From GreenBiz

It doesn’t take a genius to see that electronics are more widely used than ever before. People have become nearly inseparable from their smartphones, tablets and laptops. And they eagerly await the release of newer devices promising faster processing, better screen resolution, more apps, more functionality, more everything.

The magnitude of the market for digital devices is staggering. It’s estimated that by 2020, 5.5 billion people will own a mobile phone and over 50 billion devices will be connected to the internet. To put it in perspective, by that same time, it’s estimated that only 3.5 billion people will have running water.

But the electronics industry is also evolving — and it has to in order to stay competitive.

In the late 1990s, the main goal was simply to create electronics that worked. Then, concerns about emissions prompted IT manufacturers to implement health and safety protocols. Environmental concerns emerged at the dawn of the new millennium, ushering in the green manufacturing era.

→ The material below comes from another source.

(* Let $g$ be any connected undirected graph with $n$ processors and diameter $diam(g)$, with unique identifiers $id_v \in \{0,\dots,n-1\}$. The protocol $\mathcal{EMSS}$ is self-stabilizing for the mutual exclusion specification $spec_{EM}$ under the unfair distributed daemon $did$.
   Context: Model (state model with shared variables): a distributed system is a connected undirected graph $g=(V,E)$ whose vertices are processors and edges are communication links; $vois(v)$ is the set of neighbours of $v$; $n=|V|$; $diam(g)$ is the diameter of $g$. Each processor $v$ has a unique identity $id_v\in\{0,\dots,n-1\}$. The state of a processor is the value of its variables; a configuration is the tuple of all processor states. A protocol is a set of rules $\langle guard\rangle \to \langle action\rangle$, where the guard is a predicate on the state of the processor and of its neighbours and the action updates the processor's own state. A processor is enabled if one of its guards is true. In a step, a daemon selects a nonempty subset of the enabled processors, and each selected processor atomically executes the action of a true guard, all selected processors reading the configuration at the beginning of the step. An execution is a maximal sequence of configurations linked by steps. The unfair distributed daemon $did$ imposes no constraint on the (nonempty) selected set. The synchronous daemon $ds$ selects all enabled processors at every step. Self-stabilization: a protocol $\pi$ is self-stabilizing for a specification $spec$ under daemon $d$ if, from any configuration, every execution of $\pi$ under $d$ contains a configuration from which every execution of $\pi$ under $d$ satisfies $spec$. Mutual exclusion: each processor $v$ has a predicate $privilege_v$; $v$ is privileged in a configuration $\gamma$ iff $privilege_v$ is true in $\gamma$; if $v$ is privileged in $\gamma$ and is activated during step $(\gamma,\gamma')$, then $v$ executes its critical section during that step. An execution satisfies $spec_{EM}$ if in every configuration at most one processor is privileged (safety) and every processor executes its critical section infinitely often (liveness). Protocol $\mathcal{EMSS}$. Let $K=(2n-1)(diam(g)+1)+2$. Bounded clock: the set $H=\{-n,-n+1,\dots,0,\dots,K-1\}$ with increment $\phi(c)=c+1$ if $c<0$ and $\phi(c)=(c+1)\bmod K$ if $c\ge 0$. For an integer $c$ let $\overline{c}\in\{0,\dots,K-1\}$ with $c\equiv \overline c \pmod K$; $d_K(c,c')=\min\{\overline{c-c'},\overline{c'-c}\}$; $c\le_l c'$ iff $0\le \overline{c'-c}\le 1$. Let $init=\{-n,\dots,0\}$, $init^*=\{-n,\dots,-1\}$, $stab=\{0,\dots,K-1\}$, and $\le_{init}$ the usual order of integers on $init$. Each processor $v$ has one variable $r_v\in H$. Predicates: $privilege_v \equiv (r_v = 2n + 2\,diam(g)\,id_v)$; $correct_v(u)\equiv (r_v\in stab)\wedge(r_u\in stab)\wedge(d_K(r_v,r_u)\le 1)$; $tousCorrects_v\equiv \forall u\in vois(v),\ correct_v(u)$; $etapeNorm_v\equiv tousCorrects_v\wedge \forall u\in vois(v),\ r_v\le_l r_u$; $reInit_v\equiv \neg tousCorrects_v \wedge r_v\notin init$; $etapeConv_v\equiv r_v\in init^*\wedge \forall u\in vois(v),\ (r_u\in init \wedge r_v\le_{init} r_u)$. Rules: $NA:: etapeNorm_v \to r_v:=\phi(r_v)$; $CA:: etapeConv_v\to r_v:=\phi(r_v)$; $RA:: reInit_v\to r_v:=-n$. *)

From mathcomp Require Import all_boot.
From Stdlib Require Import ZArith.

Most recently, social responsibility has become an issue as reports of labor abuses and unethical manufacturing practices have come to light. With growing consumer awareness of all of these issues, finding a path to sustainability is becoming increasingly important.

Beyond “doing the right thing,” there is a powerful business case for sustainability, including:

1. Competitive advantage

In fact, consumers are increasingly demanding more consideration of environmental impacts. Eighty-six percent of global consumers believe that businesses need to place at least equal weight on society’s interests as on business’ interests.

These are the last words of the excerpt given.